Krasznahorkai’nin kendi alçaklıklarına gelecek olursak farklı yayınlara verilen öykülerinin dışında iki öykü kitabı mevcut: Kegyelmi viszonyok (“Lütuf İlişkileri”) ve Megy a világ (“Dünya Dönüyor”).
III.
Az utolsó farkas (“Son Kurt”), Alman ressam Max Neumann’ın ortak çalışması Állatvanbent (“İçteki Hayvan”) gibi novellalarda ve bazı öykülerde sık sık kurt ve köpekle, onların sert yazgılarıyla karşılaşırız. Állatvanbent’de aynı köpek silueti 14 farklı kompozisyonda zuhur eder ve bu resimlere Krasznahorkai’nin yazdığı fragmanlar eşlik eder.

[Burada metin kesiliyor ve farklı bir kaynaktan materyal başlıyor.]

Lemma phiZ (u x : R) : 0 <= u -> phi (u * x) = u * phi x.
Proof. by move=> u_ge0; rewrite /phi maxr_pMr // mulr0. Qed.

End Phi.

Definition is_natr (R : realFieldType) (x : R) := exists n : nat, x = n%:R.

Lemma is_natr_cases (R : realFieldType) (x : R) :
  is_natr x -> [\/ x = 0, x = 1 | 2 <= x].
Proof.
case=> [[|[|n]] ->]; [exact: Or31 | exact: Or32 | apply: Or33].
by rewrite -addn2 natrD; have := ler0n R n; lra.
Qed.

Lemma is_natr_ge0 (R : realFieldType) (x : R) : is_natr x -> 0 <= x.
Proof. by case=> n ->; apply: ler0n. Qed.

Lemma is_natr_mulrB1_ge0 (R : realFieldType) (x : R) : is_natr x -> 0 <= x * (x - 1).
Proof. by case/is_natr_cases=> [->|->|]; nra. Qed.

Section Coefficients.
Variables (R : realFieldType) (lam eps dR : R).

Definition rho1 := (1 - eps) + lam ^+ 2 / 3 * (dR - 1) * (lam / 2 - eps).
Definition rho2 :=
  (lam / 2 - eps) + lam ^+ 2 / 3 * (1 - eps) + lam ^+ 2 / 3 * (dR - 2) * (lam / 2 - eps).
Definition rho3 := (1 - eps) + lam / 2 * (dR - 1) * (lam / 2 - eps).
Definition rho4 :=
  (lam / 2 - eps) + lam / 2 * (1 - eps) + lam / 2 * (dR - 2) * (lam / 2 - eps).
Definition rho5 :=
  lam / 2 * (1 - eps) + lam / 2 * (lam / 2 - eps) + lam ^+ 2 / 4 * (dR - 2) * (lam / 2 - eps).
Definition rho6 :=
  lam * (lam / 2 - eps) + lam ^+ 2 / 4 * (1 - eps) + lam ^+ 2 / 4 * (dR - 3) * (lam / 2 - eps).
Definition rho7 := (1 - eps) + (dR - 1) * (lam / 2 - eps).

End Coefficients.

Section ScoreParts.
Variables (R : realFieldType) (x t b : R).

Definition score_lin (r1 r3 r4 r5 r7 : R) :=
  x * phi (b * r7 + r3 + (x - 1) * r4) + t * phi (b * r7 + x * r4)
  + x * phi (b * r3 + r1 + (x - 1) * r5) + t * phi (b * r3 + x * r5).

Definition score_quad (r2 r4 r5 r6 : R) :=
  x * (x - 1) * phi (b * r4 + r2 + r5 + (x - 2) * r6)
  + x * t * phi (b * r4 + r2 + (x - 1) * r6)
  + x * t * phi (b * r4 + r5 + (x - 1) * r6) + t * (t - 1) * phi (b * r4 + x * r6).

End ScoreParts.

Lemma scoreE (R : realFieldType) (lam eps : R) (d d' : nat) (b : bool) :
  score lam eps d d' b =
    score_lin d'%:R (d%:R - d'%:R) (b : nat)%:R (rho1 lam eps d%:R) (rho3 lam eps d%:R)
      (rho4 lam eps d%:R) (rho5 lam eps d%:R) (rho7 lam eps d%:R)
  + score_quad d'%:R (d%:R - d'%:R) (b : nat)%:R (rho2 lam eps d%:R) (rho4 lam eps d%:R)
      (rho5 lam eps d%:R) (rho6 lam eps d%:R).
Proof. by rewrite /score /score_lin /score_quad !addrA. Qed.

Krasznahorkai’de doğa Japonya söz konusu değilse mutlak biçimde sert ve ürkütücüdür. Kurt ise özel bir sembol, bir özgürlük sembolü halini almıştır:
“Bu eşsiz hayvan benim için giderek daha derin bir anlam kazandı ve yavaş yavaş özgürlüğün saf gerçekliğini temsil ederken doğanın kendisi için bir simge haline geldi.”
Her şeyden özgür olma ve daha güçlünün kazandığı, organik ve inorganik katılımcılar arasındaki tüyler ürpertici mücadele.
“Yıkıcı bir doğaya atılan kurdun özgürlüğüyle kesinlikle özdeşleşiyorum. Doğa düşmanca bir yer; gençliğimden beri mutlu bir şekilde doğaya çıkan, başı boş dolaşan, zirvelere tırmanan insan kalabalığı beni hayrete düşürmüştür. Doğa her an bizi öldürebilir. Bizim yerimiz aynı zamanda bizi öldüren medeniyetin içindedir, orada en azından toplu halde gelecek olanı bekleyebiliriz.”
Doğanın vahşi özgürlüğünün ve ürkütücülüğünün susar gibi olduğu tek yer Japonya. Oraya dönüldüğünde kıyamet haberlerinden de doğanın ölümcül gerçekliğinden de uzaklaşılıyor, doğa mutlak güzelliğin bir işareti haline geliyor:
“Japonya’yı özlüyorum. Japonya’da yaşamış olma yanılsamasını, Japonya’nın dünyanın dışında olduğu yanılsamasını özlüyorum; imparatorluk sanatlarının görkemli tezahürlerini gözlemlerken, ‘her şeye rağmen’ onların varoluşuna ve hayatta kalmasına eşlik ettiğim yanılsamasının kesinliğini özlüyorum.”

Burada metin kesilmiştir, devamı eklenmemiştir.